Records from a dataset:
++++

(* Invert b_n where |b_n|^{eps_n} > |b|_omega / 2, which holds along omega. *)
Lemma phi_unit b : A b -> phi b != 0 -> exists2 c, A c & phi b * phi c = 1.
Proof.
move=> Ab b0; set s := v (phi b) / 2.
have vb0 : 0 < v (phi b).
  by rewrite lt_neqAle v_ge0 // andbT eq_sym; apply: contra b0 => /eqP/(v_eq0 v_norm) ->.
have s0 : 0 < s by rewrite divr_gt0.
have bbig : \forall n \near omega, s < absn n (b n).
  by apply: (cvgr_gt _ (cvg_absn Ab)); rewrite ltr_pdivrMr // ltr_pMr // ltr1n.
pose c n := if s < absn n (b n) then (b n)^-1 else 0.
have Ac : A c.
  exists s^-1 => n; rewrite -/(absn n (c n)) /c; case: ifP => [bn|_].
    by rewrite /absn cmodV powRV ?cmod_ge0 // lef_pV2 ?posrE ?(lt_trans s0 bn) // ltW.
  by rewrite absn0 // invr_ge0 ltW.
exists c => //; rewrite -phiM // -phi1; apply: phi_eq_near (AepsM Ab Ac) (Aeps_cst eps01 1) _.
apply: filterS bbig => n bn; rewrite /c bn mulfV //.
by apply: contraTneq bn => ->; rewrite absn0 // -leNgt ltW.
Qed.

Lemma phi_dense z e : 0 < e -> exists2 w, (phi @` A) w & v (z - w) < e.
Proof.
move=> e0; case: hK => _ _ _ _ /(_ z e e0) [a [b [Aa Ab b0 zab]]].
have [c Ac bc] := phi_unit Ab b0.
exists (phi (fun n => a n * c n)); first by exists (fun n => a n * c n) => //; apply: AepsM.
by rewrite phiM // -[phi c](mulKf b0) bc mulr1.
Qed.

Lemma range_v : range v = [set r | 0 <= r].
Proof.
apply/seteqP; split => [_ [z _ <-]|r r0]; first exact: v_ge0.
pose x n := (r `^ (eps n)^-1)%:C%C.
have absx n : absn n (x n) = r.
  by rewrite /absn cmodR ger0_norm ?powR_ge0 // -powRrM mulVf ?powRr1 // gt_eqF ?eps_gt0.
have Ax : A x by exists r => n; rewrite -/(absn n (x n)) absx.
exists (phi x) => //; rewrite vphi //; apply: ulimE.
by under eq_fun do rewrite absx; apply: cvg_cst.
Qed.

Local Notation ee := (ulim omega eps).

Lemma cvg_eps : eps @ omega --> ee.
Proof.
apply: (cvg_ulim omega_ultra (M := 1)); apply: nearW => n.
by have /andP[e0 e1] := eps01 n; rewrite ger0_norm // ltW.
Qed.

Lemma ee_ge0 : 0 <= ee.
Proof. by apply: (cvgr_to_ge cvg_eps); apply: nearW => n; rewrite ltW ?eps_gt0. Qed.

Lemma cvg_powR_eps a : 0 < a -> (fun n => a `^ eps n) @ omega --> a `^ ee.
Proof.
move=> a0; rewrite {2}/powR gt_eqF //; under eq_fun do rewrite /powR gt_eqF //.
by apply: continuous_cvg; [exact: continuous_expR | apply: cvgM; [exact: cvg_eps | exact: cvg_cst]].
Qed.

(* Otherwise omega contains [0, m), on which eps is bounded below by a positive minimum. *)
Lemma ee0_nonprincipal : ee = 0 -> forall m, \forall n \near omega, (m <= n)%N.
Proof.
move=> ee0 m; have [//|small] := in_ultra_setVsetC [set n | (m <= n)%N] omega_ultra.
pose d := \big[Num.min/1]_(i < m) eps i.
have d0 : 0 < d by apply: lt_bigmin => // i _; apply: eps_gt0.
have : d <= ee.
  apply: (cvgr_to_ge cvg_eps); apply: filterS small => n /negP; rewrite -ltnNge => nm.
  exact: (bigmin_le _ (Ordinal nm) (fun i : 'I_m => eps i)).
by rewrite ee0 leNgt d0.
Qed.

(* Diagonal argument: at coordinate n follow the latest a_m (m <= n) that is, at n,
   already within r_k + 1/(m+1) of a_k for all k <= m. *)
Lemma nonprincipal_image_nested_complete :
  (forall m, \forall n \near omega, (m <= n)%N) -> nested_ball_complete v (phi @` A).
Proof.
move=> cofinite a r Sa ar.
have /choice[al alP] : forall k, exists al, A al /\ phi al = a k.
  by move=> k; have [al ? ?] := Sa k; exists al.
have Aal k : A (al k) by case: (alP k).
have r0 k : 0 <= r k by apply: le_trans (ar k k (leqnn k)); apply: v_ge0.
pose S m n := (m <= n)%N /\
  forall k, (k <= m)%N -> absn n (al m n - al k n) < r k + m.+1%:R^-1.
have S0 n : S 0%N n.
  by split=> // k; rewrite leqn0 => /eqP->; rewrite subrr absn0 // ltr_pwDr ?invr_gt0.
have S_near m : \forall n \near omega, S m n.
  have near_k (k : 'I_m.+1) : \forall n \near omega,
      absn n (al m n - al k n) < r k + m.+1%:R^-1.
    apply: cvgr_lt (cvg_absn (AepsB eps01 (Aal m) (Aal k))) _ _.
    by rewrite phiB // !(alP _).2 ltr_pwDr ?invr_gt0 // ar // -ltnS.
  apply: filterS2 (cofinite m) (filter_forall _ near_k) => n mn near_n.
  by split=> // k km; apply: (near_n (Ordinal (km : (k < m.+1)%N))).
have ex_m n : exists m, `[< S m n >] by exists 0%N; apply/asboolP.
have ub_m n m : `[< S m n >] -> (m <= n)%N by move/asboolP => [].
pose mx n := ex_maxn (ex_m n) (ub_m n).
have mxP n : S (mx n) n /\ forall j, S j n -> (j <= mx n)%N.
  by rewrite /mx; case: ex_maxnP => i /asboolP Si imax; split=> // j /asboolP /imax.
pose x n := al (mx n) n.
have Ax : A x.
  have [M alM] := Aal 0%N.
  exists (r 0%N + 1 + M) => n; rewrite -/(absn n (x n)) -[x n](subrK (al 0%N n)).
  apply: le_trans (absnD eps01 _ _ _) (lerD _ (alM n)); rewrite ltW //.
  by apply: lt_le_trans ((mxP n).1.2 0%N (leq0n _)) _; rewrite lerD2l invf_le1 ?ler1n.
exists (phi x); first by exists x.
move=> k; rewrite -(alP k).2; apply: (@ler_add_harmonic _ _ _ 1 k) => j kj.
apply: vphiB_le => //; apply: filterS (S_near j) => n Sjn.
have [_ Smx] := (mxP n).1; have jmx := (mxP n).2 j Sjn.
apply: ltW; apply: lt_le_trans (Smx k (leq_trans kj jmx)) _.
by rewrite lerD2l mul1r lef_pV2 ?posrE ?ltr0n // ler_nat ltnS.
Qed.

Definition phic (z : R[i]) : K := phi (fun=> z).

Lemma phicB : {morph phic : x y / x - y}.
Proof. by move=> x y; rewrite /phic -phiB //; apply: Aeps_cst. Qed.

Lemma phicM : {morph phic : x y / x * y}.
Proof. by move=> x y; rewrite /phic -phiM //; apply: Aeps_cst. Qed.

HB.instance Definition _ := GRing.isZmodMorphism.Build R[i] K phic phicB.
HB.instance Definition _ := GRing.isMonoidMorphism.Build R[i] K phic (conj phi1 phicM).

Section PositiveExponent.
Hypothesis ee_gt0 : 0 < ee.

Lemma v_phic z : v (phic z) = cmod z `^ ee.
Proof.
have [->|z0] := eqVneq z 0; first by rewrite rmorph0 (v0 v_norm) cmod0 powR0 // gt_eqF.
rewrite vphi; last exact: Aeps_cst.
apply: (ulimE omega_ultra); apply: cvg_powR_eps.
by rewrite lt_neqAle cmod_ge0 andbT eq_sym; apply: contra z0 => /eqP/cmod_eq0 ->.
Qed.

Lemma near_eps_gt : \forall n \near omega, ee / 2 < eps n.
Proof. by apply: (cvgr_gt _ cvg_eps); rewrite ltr_pdivrMr // ltr_pMr // ltr1n. Qed.

Lemma Aeps_cmod_bounded a : A a -> exists B, \forall n \near omega, cmod (a n) <= B.
Proof.
move=> [M aM]; exists (Num.max 1 (M `^ (ee / 2)^-1)).
apply: filterS near_eps_gt => n en; rewrite le_max.
have [//|a1] := leP (cmod (a n)) 1.
rewrite ler_powRV ?divr_gt0 ?cmod_ge0 ?(le_trans (absn_ge0 eps n (a n)) (aM n)) ?orbT //.
exact: le_trans (ler_powR (ltW a1) (ltW en)) (aM n).
Qed.

(* Along omega, eps_n > e/2 and |a_n - c| < 1, so |a_n - c|^{eps_n} <= |a_n - c|^{e/2} -> 0. *)
Lemma phi_phic a : A a -> phi a = phic (clim omega a).
Proof.
move=> Aa; have [B aB] := Aeps_cmod_bounded Aa; set c := clim omega a.
apply: (v_sub_le0 v_norm); apply/ler_addgt0Pr => d d0; rewrite add0r.
apply: vphiB_le (Aeps_cst eps01 c) _ => //.
pose d1 := Num.min d 1; have d10 : 0 < d1 by rewrite lt_min d0 ltr01.
have e20 : 0 < ee / 2 by rewrite divr_gt0.
have := near_clim omega_ultra aB (powR_gt0 (ee / 2)^-1 d10).
apply: filterS2 near_eps_gt => n en /ltW anc.
have anc1 : cmod (a n - c) <= 1.
  apply: le_trans anc _; have := @ler_powRl _ (ee / 2)^-1 d1 1; rewrite powR1; apply.
  - by rewrite invr_ge0 ltW.
  - exact: ltW.
  - by rewrite ge_min lexx orbT.
apply: le_trans (ge0_ger_powR _ (q := ee / 2) _) _; first by rewrite cmod_ge0 anc1.
  by rewrite e20 ltW.
rewrite ler_powRV ?cmod_ge0 ?(ltW d10) // in anc.
by apply: le_trans anc _; rewrite ge_min lexx.
Qed.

++++

● **EXERCISE AIM**: Only the lines above starting with the one with "(* Otherwise omega" and going through the one with "move=> ee0 m;" are to be copied, word for word and with both ends kept.

● **WORKED SOLUTION**:
(* Otherwise omega contains [0, m), on which eps is bounded below by a positive minimum. *)
Lemma ee0_nonprincipal : ee = 0 -> forall m, \forall n \near omega, (m <= n)%N.
Proof.
move=> ee0 m; have [//|small] := in_ultra_setVsetC [set n | (m <= n)%N] omega_ultra.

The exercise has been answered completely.